Сердце Лю Дачжуна ушло в пятки. Боясь разгневать «призрака», он поспешно поднял голову: — Я слушаю, с нетерпением жду вашего… вашего выступления…

Наконец она запела: — Сяо… Сяо Чэнь выехал верхом из столицы, услышав о несправедливости на обочине дороги…

В тишине ночи ее громкий голос прорезал небо и донесся до деревни Чжу, расположенной в двух кварталах от отеля.

Все деревенские собаки проснулись, и тут же раздался дружный лай.

Сяо Ван, дежурный администратор отеля, только что лег спать. Услышав этот ужасный звук, он подумал, что в старом полуразрушенном кинотеатре по соседству опять показывают фильм ужасов.

Ему не хотелось идти разбираться с кинотеатром. К счастью, сегодня в отеле было мало постояльцев, так что можно было подождать, пока кто-нибудь пожалуется.

Он достал из ящика беруши, вставил их в уши, зевнул и снова лег спать.

— Не думай, что я всего лишь прах в могиле, я помню тебя, как жемчужину в ладони… — допев до этого места, Ай Юэ’эр расплакалась, ее голос задрожал.

Возможно, из-за того, что было включено слишком много ламп, старая электропроводка не выдержала нагрузки. Лампы начали мигать, погасли на несколько секунд, а затем снова загорелись.

Лю Дачжун весь дрожал, его лицо было мокрым от слез, соплей и пота.

Он хотел бежать, но ноги словно налились свинцом.

Видя, как Лю Дачжун рыдает, Ай Юэ’эр решила, что он растроган ее песней, и, не обращая внимания на скачки напряжения и лай собак, продолжила петь еще более проникновенно.

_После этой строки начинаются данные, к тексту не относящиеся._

(* Let $\mathbb{X},\mathbb{Y}$ be Euclidean spaces, $\mathbb{Z}=\mathbb{X}\times\mathbb{Y}$ equipped with a norm $\|\cdot\|$ with dual norm $\|\cdot\|_*$, and $\mathcal{X}\subseteq\mathbb{X}$, $\mathcal{Y}\subseteq\mathbb{Y}$ closed convex sets, $\mathcal{Z}=\mathcal{X}\times\mathcal{Y}$. Let $\phi:\mathcal{Z}\to\mathbb{R}$ be convex-concave (convex in $x$, concave in $y$) and differentiable, with $F(z)=(\partial_x\phi(z),-\partial_y\phi(z))$ satisfying $\sup_{z\in\mathcal{Z}}\|F(z)\|_*<\infty$ and $\|F(z)-F(z')\|_*\le L\|z-z'\|$ for all $z,z'\in\mathcal{Z}$. Let $\psi_{\mathbb{Z}}$ be smooth and $1$-strongly convex w.r.t. $\|\cdot\|$, with Bregman divergence $D_{\mathbb{Z}}(w,z)=\psi_{\mathbb{Z}}(w)-\psi_{\mathbb{Z}}(z)-\langle\nabla\psi_{\mathbb{Z}}(z),w-z\rangle$, and let $\Omega=\sup_{z,z'\in\mathcal{Z}}D_{\mathbb{Z}}(z,z')$. For $\xi,z\in\mathbb{Z}$ let $\mathrm{Prox}^{\mathcal{Z}}_{\langle\xi,\cdot\rangle}(z)=\arg\min_{w\in\mathcal{Z}}\{\langle\xi,w\rangle+D_{\mathbb{Z}}(w,z)\}$. Let $z^0\in\mathcal{Z}$, stepsizes $\tau_t>0$, and let Mirror Prox generate, for $t=0,1,2,\dots$, $\tilde z^t=\mathrm{Prox}^{\mathcal{Z}}_{\langle\tau_tF(z^t),\cdot\rangle}(z^t)$ and $z^{t+1}=\mathrm{Prox}^{\mathcal{Z}}_{\langle\tau_tF(\tilde z^t),\cdot\rangle}(z^t)$. Let $\delta_t=\tau_t\langle F(\tilde z^t),\tilde z^t-z^{t+1}\rangle-D_{\mathbb{Z}}(z^{t+1},z^t)$. Let $w_t\ge0$ be nondecreasing, $S_T=\sum_{t=1}^Tw_t\tau_t$ (assumed positive), and $\bar z^T=(\bar x^T,\bar y^T)=\frac1{S_T}\sum_{t=1}^Tw_t\tau_t\tilde z^t$. Then for every $T\ge1$ and every $(x,y)\in\mathcal{X}\times\mathcal{Y}$, $$\phi(\bar x^T,y)-\phi(x,\bar y^T)\le\frac{w_T\Omega+\sum_{t=1}^Tw_t\delta_t}{S_T}.$$ In particular, if $\tau_t=\frac1L$ for all $t$ and $w_t=t^q$ with $q\ge0$, then $\delta_t\le0$ for all $t$ and $$\phi(\bar x^T,y)-\phi(x,\bar y^T)\le\frac{(q+1)L\Omega}{T}.$$ *)

From HB Require Import structures.
From mathcomp Require Import all_boot all_order all_algebra.
From mathcomp Require Import all_classical all_reals all_analysis.
Set Implicit Arguments. Unset Strict Implicit. Unset Printing Implicit Defensive.
Import Order.TTheory GRing.Theory Num.Theory.
Import numFieldNormedType.Exports.
Local Open Scope classical_set_scope.
Local Open Scope ring_scope.
(* Let $A$ be a sesquiad. Every congruence $\mathcal C\ne A\times A$ on $A$ is contained in a prime congruence.
   Context: Rings are commutative with $1$; monoids are commutative with $1$ and a zero $0$, morphisms preserving $0,1$. A sesquiad is a monoid $A$ with an addition: partially defined sums $\sum_jk_ja_j$ ($k\in\mathbb Z^n$, $n\ge2$) coming from an injective monoid morphism $\varphi:A\to R$ into a ring with $\varphi(0)=0$, a sum being defined exactly when $\sum_jk_j\varphi(a_j)\in\varphi(A)$ and then equal to its preimage; sesquiad morphisms are monoid morphisms preserving defined sums. A congruence on $A$ is an equivalence relation $\mathcal C\subset A\times A$ such that the quotient monoid $A/\mathcal C$ admits an addition making the projection $A\to A/\mathcal C$ a sesquiad morphism. A sesquiad $B$ is integral if $1\neq0$ and $bf=cf$ implies $b=c$ or $f=0$. A congruence $\mathcal C$ is prime if $A/\mathcal C$ is integral, i.e. $1\not\sim_{\mathcal C}0$ and $(af,bf)\in\mathcal C$ implies $(a,b)\in\mathcal C$ or $(f,0)\in\mathcal C$. *)

From HB Require Import structures.
From mathcomp Require Import all_boot all_order all_algebra.
Set Implicit Arguments. Unset Strict Implicit. Unset Printing Implicit Defensive.
Import Order.TTheory GRing.Theory Num.Theory.
Local Open Scope ring_scope.

(* A sesquiad is presented by its underlying commutative monoid
   (A, mul, one, zero) together with an injective monoid morphism
   phi : A -> R into a commutative ring (possibly the zero ring), with
   phi zero = 0.  The (partial) addition of the sesquiad is the one induced
   by phi (see [sesq_sum]). *)
Definition sesquiad_embedding (A : Type) (mul : A -> A -> A) (one zero : A)
    (R : comPzRingType) (phi : A -> R) : Prop :=
  (forall x y z, mul x (mul y z) = mul (mul x y) z) /\
  (forall x y, mul x y = mul y x) /\
  (forall x, mul one x = x) /\
  (forall x, mul zero x = zero) /\
  injective phi /\
  (forall x y, phi (mul x y) = phi x * phi y) /\
  phi one = 1 /\ phi zero = 0.

(* "sum_j k_j a_j is defined and equals b" for the addition induced by
   phi (n >= 2, k in Z^n). *)
Definition sesq_sum (A : Type) (R : comPzRingType) (phi : A -> R)
    (n : nat) (k : 'I_n -> int) (a : 'I_n -> A) (b : A) : Prop :=
  \sum_(j < n) phi (a j) *~ k j = phi b.

(* C is a congruence on the sesquiad (A, phi): the quotient monoid A/C
   admits an addition (an injective monoid morphism psi : A/C -> R' into a
   commutative ring, psi 0 = 0) making the projection A -> A/C a sesquiad
   morphism.  Without quotient types we express this via f = psi o proj :
   a monoid morphism A -> R' whose kernel pair is exactly C, and which
   carries every defined sum of A to the corresponding (hence defined) sum. *)
Definition sesq_congruence (A : Type) (mul : A -> A -> A) (one zero : A)
    (R : comPzRingType) (phi : A -> R) (C : A -> A -> Prop) : Prop :=
  [/\ (forall x, C x x),
      (forall x y, C x y -> C y x),
      (forall x y z, C x y -> C y z -> C x z) &
      exists (R' : comPzRingType) (f : A -> R'),
        [/\ (forall x y, C x y <-> f x = f y),
            (forall x y, f (mul x y) = f x * f y),
            f one = 1, f zero = 0 &
            (forall (n : nat) (k : 'I_n -> int) (a : 'I_n -> A) (b : A),
                (2 <= n)%N -> sesq_sum phi k a b -> sesq_sum f k a b)]].

(* C is prime: the quotient A/C is integral. *)
Definition sesq_prime (A : Type) (mul : A -> A -> A) (one zero : A)
    (C : A -> A -> Prop) : Prop :=
  ~ C one zero /\
  (forall a b f, C (mul a f) (mul b f) -> C a b \/ C f zero).

(* A congruence C is the kernel pair of a map f : A -> R' into a commutative
   ring, multiplicative and carrying defined sums to sums; C is not total
   exactly when R' is nonzero.  By Zorn's lemma R' has a prime ideal M, and
   the kernel pair of A -> R' -> R'/M is a congruence containing C whose
   quotient embeds in the domain R'/M, hence is prime. *)
From HB Require Import structures.
From mathcomp Require Import all_boot all_algebra ring_quotient generic_quotient.
From mathcomp Require Import boolp classical_sets.
Set Implicit Arguments. Unset Strict Implicit. Unset Printing Implicit Defensive.
Import GRing.Theory.
Local Open Scope ring_scope.
Local Open Scope classical_set_scope.
Local Open Scope quotient_scope.

Section KrullPrime.
Variable R : comNzRingType.

(* Ideals not containing 1, except that the empty set is admitted too, so
   that Zorn's lemma also applies to the empty chain. *)
Definition pre_ideal (I : set R) :=
  ~ I 1 /\ forall a u v, I u -> I v -> I (a * u + v).

Lemma pre_ideal0 I u : pre_ideal I -> I u -> I 0.
Proof. by case=> _ IM Iu; rewrite -(addNr u) -mulN1r; apply: IM. Qed.

Lemma chain_pre_ideal (F : set (set R)) :
  F `<=` pre_ideal -> total_on F subset -> pre_ideal (\bigcup_(I in F) I).
Proof.
move=> Fpre Ftot; split=> [[I FI I1]|a u v [I FI Iu] [J FJ Jv]].
  by case: (Fpre I FI).
have [IJ|JI] := Ftot I J FI FJ.
- by exists J => //; case: (Fpre J FJ) => _; apply; first exact: IJ.
- by exists I => //; case: (Fpre I FI) => _; apply=> //; exact: JI.
Qed.

Lemma maximal_pre_ideal_prime M : pre_ideal M ->
  (forall J, M `<` J -> ~ pre_ideal J) -> forall u v, M (u * v) -> M u \/ M v.
Proof.
move=> [M1 MM] Mmax u v Muv; apply: contrapT => /not_orP[Mu]; apply.
have M0 : M 0 by apply: (pre_ideal0 (conj M1 MM) Muv).
pose J := [set m + r * u | m in M & r in [set: R]].
have MJ : M `<` J.
  split=> [m Mm|JM]; first by exists m => //; exists 0 => //; rewrite mul0r addr0.
  by apply: Mu; apply: JM; exists 0 => //; exists 1 => //; rewrite add0r mul1r.
have JM : forall a x y, J x -> J y -> J (a * x + y).
  move=> a _ _ [m1 Mm1 [r1 _ <-]] [m2 Mm2 [r2 _ <-]].
  exists (a * m1 + m2); first exact: MM.
  by exists (a * r1 + r2) => //; rewrite mulrDl mulrDr !mulrA addrACA.
have [m Mm [r _ mru1]] : J 1 by apply: contrapT => J1; exact: (Mmax J MJ).
have -> : v = v * m + r * (u * v) by rewrite mulrA [_ * v]mulrC -mulrDr mru1 mulr1.
by apply: (MM) => //; rewrite -[_ * _]addr0; apply: MM.
Qed.

Lemma exists_prime_ideal : exists M : set R,
  [/\ pre_ideal M, M 0 & forall u v, M (u * v) -> M u \/ M v].
Proof.
have [M [Mpre Mmax]] := Zorn_bigcup chain_pre_ideal.
have pre0 : pre_ideal [set 0].
  split=> [/eqP|a u v -> ->]; [by rewrite oner_eq0 | by rewrite mulr0 addr0].
have M0 : M 0.
  apply: contrapT => nM0; apply: (Mmax [set 0]) => //; split=> [u Mu|/(_ 0 erefl)//].
  by case: nM0; apply: pre_ideal0 Mpre Mu.
by exists M; split=> //; apply: maximal_pre_ideal_prime.
Qed.
End KrullPrime.

Section NonzeroRing.
Variables (R : comPzRingType) (R1 : (1 : R) != 0).

(* [ring_quotient] only quotients nontrivial rings, so [R] is viewed as one. *)
Let nzR : Type := R.
HB.instance Definition _ := GRing.ComPzRing.on nzR.
HB.instance Definition _ := GRing.PzSemiRing_isNonZero.Build nzR R1.

Let prime_witness := cid (exists_prime_ideal nzR).
Let M : set nzR := sval prime_witness.

Definition chosen_prime : {pred nzR} := fun x => `[< M x >].

Lemma chosen_prime_idealr_closed : idealr_closed chosen_prime.
Proof.
have [[M1 MM] M0 _] := svalP prime_witness.
split; [exact/asboolP | by apply/negP => /asboolP | ].
by move=> a u v /asboolP Mu /asboolP Mv; apply/asboolP; apply: MM.
Qed.

Lemma chosen_prime_prime_closed : prime_idealr_closed chosen_prime.
Proof.
have [_ _ Mprime] := svalP prime_witness.
by move=> u v /asboolP /Mprime [Mu|Mv]; apply/orP; [left|right]; apply/asboolP.
Qed.

HB.instance Definition _ := isIdealr.Build nzR chosen_prime chosen_prime_idealr_closed.
HB.instance Definition _ := isPrimeIdealrClosed.Build nzR chosen_prime chosen_prime_prime_closed.

Lemma exists_rmorph_domain : exists (D : comNzRingType) (g : {rmorphism R -> D}),
  forall x y : D, x * y = 0 -> x = 0 \/ y = 0.
Proof.
exists {ideal_quot chosen_prime}, (\pi : {rmorphism nzR -> _}).
by move=> x y /Quotient.rquot_IdomainAxiom /orP[] /eqP; [left|right].
Qed.
End NonzeroRing.

Section KernelCongruence.
Variables (A : Type) (mul : A -> A -> A) (one zero : A).
Variables (R : comPzRingType) (phi : A -> R).

Definition sesq_ring_morphism (R' : comPzRingType) (f : A -> R') : Prop :=
  [/\ forall x y, f (mul x y) = f x * f y, f one = 1, f zero = 0 &
      forall n (k : 'I_n -> int) (a : 'I_n -> A) (b : A),
        (2 <= n)%N -> sesq_sum phi k a b -> sesq_sum f k a b].

Lemma kernel_sesq_congruence (R' : comPzRingType) (f : A -> R') :
  sesq_ring_morphism f -> sesq_congruence mul one zero phi (fun x y => f x = f y).
Proof.
case=> fM f1 f0 fsum; split=> [//|x y ->//|x y z -> ->//|].
by exists R', f.
Qed.

Lemma sesq_ring_morphism_rmorph (R' R'' : comPzRingType) (f : A -> R')
    (g : {rmorphism R' -> R''}) :
  sesq_ring_morphism f -> sesq_ring_morphism (fun x => g (f x)).
Proof.
case=> fM f1 f0 fsum; split=> [x y|||n k a b n2 /(fsum n k a b n2) fab].
- by rewrite fM rmorphM.
- by rewrite f1 rmorph1.
- by rewrite f0 rmorph0.
- rewrite /sesq_sum -fab raddf_sum; by apply: eq_bigr => j _; rewrite raddfMz.
Qed.

Lemma kernel_sesq_prime (D : comNzRingType) (f : A -> D) :
  (forall x y : D, x * y = 0 -> x = 0 \/ y = 0) ->
  sesq_ring_morphism f -> sesq_prime mul one zero (fun x y => f x = f y).
Proof.
move=> Ddom [fM f1 f0 _]; split=> [|a b c]; first by rewrite f1 f0; exact/eqP/oner_neq0.
rewrite !fM f0 => /eqP; rewrite -subr_eq0 -mulrBl => /eqP /Ddom[/eqP|->]; last by right.
by rewrite subr_eq0 => /eqP; left.
Qed.
End KernelCongruence.

Theorem mainTheorem6 (A : Type) (mul : A -> A -> A) (one zero : A)
    (R : comPzRingType) (phi : A -> R)
    (hA : sesquiad_embedding mul one zero phi)
    (C : A -> A -> Prop)
    (hC : sesq_congruence mul one zero phi C)
    (hCfull : ~ (forall x y : A, C x y)) :
  exists P : A -> A -> Prop,
    [/\ sesq_congruence mul one zero phi P,
        (forall x y, C x y -> P x y) &
        sesq_prime mul one zero P].
Proof.
case: hC => _ _ _ [R' [f [kerC fM f1 f0 fsum]]].
have f_hom : sesq_ring_morphism mul one zero phi f by [].
have R'1 : (1 : R') != 0.
  apply/eqP => R'0; apply: hCfull => x y; apply/kerC.
  by rewrite -[f x]mul1r -[f y]mul1r R'0 !mul0r.
have [D [g Ddom]] := exists_rmorph_domain R'1.
have gf_hom := sesq_ring_morphism_rmorph g f_hom.
exists (fun x y => g (f x) = g (f y)); split.
- exact: kernel_sesq_congruence.
- by move=> x y /kerC ->.
- exact: kernel_sesq_prime Ddom gf_hom.
Qed.
(* Consider the algorithm described in the context. Suppose $f$ is bounded below by $f_{\mathrm{low}}$, twice continuously differentiable with $L_H$-Lipschitz continuous Hessian, and $\|\nabla^2 f(\mathbf{x}_k)\|\leq M$ for all $k$, for some $M>0$. Fix $\epsilon>0$ and an iteration $k$ such that $$\theta := (1-\alpha)^2 - \frac{4M(r-1)\alpha^2}{\epsilon(1-\alpha)^2} > 0,$$ $P_k$ is well-aligned and $\sigma_k\geq\epsilon$. If iteration $k$ is successful, then $$\hat\sigma^m_k\geq c_1\epsilon,\qquad c_1:=\frac{\min(1-\alpha,(1-\alpha)^2,\theta)}{1+\kappa_\sigma\mu^{-1}},\qquad \kappa_\sigma:=\max(\kappa_{\mathrm{eg}}\Delta_{\max},\kappa_{\mathrm{eh}}).$$
   Context: Algorithm: Let $f:\mathbb{R}^n\to\mathbb{R}$. Fix $\mathbf{x}_0$, $p\in\{1,\ldots,n\}$, $0<\Delta_0\leq\Delta_{\max}$, $0<\gamma_{\mathrm{dec}}<1<\gamma_{\mathrm{inc}}$, $\eta\in(0,1)$, $\mu>0$. For $k=0,1,\ldots$: select a random $P_k\in\mathbb{R}^{n\times p}$; build $\hat m_k(\hat{\mathbf{s}})=f(\mathbf{x}_k)+\hat{\mathbf{g}}_k^T\hat{\mathbf{s}}+\frac12\hat{\mathbf{s}}^T\hat H_k\hat{\mathbf{s}}$ ($\hat H_k$ symmetric) which is $P_k$-fully quadratic: constants $\kappa_{\mathrm{ef}},\kappa_{\mathrm{eg}},\kappa_{\mathrm{eh}}>0$ independent of $k$ with $|f(\mathbf{x}_k+P_k\hat{\mathbf{s}})-\hat m_k(\hat{\mathbf{s}})|\leq\kappa_{\mathrm{ef}}\Delta_k^3$, $\|P_k^T\nabla f(\mathbf{x}_k+P_k\hat{\mathbf{s}})-\nabla\hat m_k(\hat{\mathbf{s}})\|\leq\kappa_{\mathrm{eg}}\Delta_k^2$, $\|P_k^T\nabla^2 f(\mathbf{x}_k+P_k\hat{\mathbf{s}})P_k-\hat H_k\|\leq\kappa_{\mathrm{eh}}\Delta_k$ for all $\|\hat{\mathbf{s}}\|\leq\Delta_k$; compute a step $\hat{\mathbf{s}}_k$ with $\|\hat{\mathbf{s}}_k\|\leq\Delta_k$; let $R_k:=\frac{f(\mathbf{x}_k)-f(\mathbf{x}_k+P_k\hat{\mathbf{s}}_k)}{\hat m_k(\mathbf{0})-\hat m_k(\hat{\mathbf{s}}_k)}$, $\hat\tau^m_k:=\max(-\lambda_{\min}(\hat H_k),0)$, $\hat\sigma^m_k:=\max(\|\hat{\mathbf{g}}_k\|,\hat\tau^m_k)$; if $R_k\geq\eta$ and $\hat\sigma^m_k\geq\mu\Delta_k$ the iteration is successful: $\mathbf{x}_{k+1}=\mathbf{x}_k+P_k\hat{\mathbf{s}}_k$, $\Delta_{k+1}=\min(\gamma_{\mathrm{inc}}\Delta_k,\Delta_{\max})$; otherwise unsuccessful: $\mathbf{x}_{k+1}=\mathbf{x}_k$, $\Delta_{k+1}=\gamma_{\mathrm{dec}}\Delta_k$. Criticality: $\tau_k:=\max(-\lambda_{\min}(\nabla^2 f(\mathbf{x}_k)),0)$, $\sigma_k:=\max(\|\nabla f(\mathbf{x}_k)\|,\tau_k)$. Well-alignment: write $\nabla^2 f(\mathbf{x}_k)=\sum_{i=1}^r\lambda_i\mathbf{v}_i\mathbf{v}_i^T$, $\lambda_1\geq\cdots\geq\lambda_r$, $r=\operatorname{rank}(\nabla^2 f(\mathbf{x}_k))$, $\mathbf{v}_i$ orthonormal, $\hat{\mathbf{v}}_i:=P_k^T\mathbf{v}_i$; $P_k$ is well-aligned if $\|P_k\|\leq P_{\max}$, $\|P_k^T\nabla f(\mathbf{x}_k)\|\geq(1-\alpha)\|\nabla f(\mathbf{x}_k)\|$, $\|\hat{\mathbf{v}}_r\|\geq1-\alpha$, and $(\hat{\mathbf{v}}_i^T\hat{\mathbf{v}}_r)^2\leq4\alpha^2$ for $i=1,\ldots,r-1$, for fixed $\alpha\in(0,1)$, $P_{\max}>0$ independent of $k$. *)

From mathcomp Require Import all_boot all_order all_algebra.
From mathcomp Require Import all_classical all_reals all_analysis.
Import GRing.Theory Num.Theory.
Import numFieldTopology.Exports numFieldNormedType.Exports.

— Звуки четырех струн затихают, у трех футов одинокой могилы… — ее голос становился все более жалобным. Едва она произнесла слова «одинокой могилы», как вдруг раздался хлопок, и весь отель погрузился во тьму. Проводка окончательно перегорела.

А она, войдя в раж, не могла остановиться: — …трава уже засохла… Где же теперь твоя чистая душа? Откуда мне было знать, что проходящий мимо — безумец? А-а-а… а…

Увлекшись, она добавила в конце песни протяжные стоны.

Пока она пела последние строки, Лю Дачжун, воспользовавшись темнотой, схватил камеру и выскользнул из номера.

В ужасе он бросился к лифту, но обнаружил, что тот тоже не работает.

Он метался, как угорелый, пока не нашел лестницу, и побежал вниз по темным ступенькам.

Ноги его дрожали, но пение Ай Юэ’эр с каждым этажом становилось все громче и пронзительнее. Она уже начала петь песню сначала, и он не смел сбавлять темп.

Добежав до второго этажа, он споткнулся и кубарем скатился вниз.

Превозмогая боль, Лю Дачжун молча нашарил камеру, прижал ее к себе и, хромая, выбрался из отеля.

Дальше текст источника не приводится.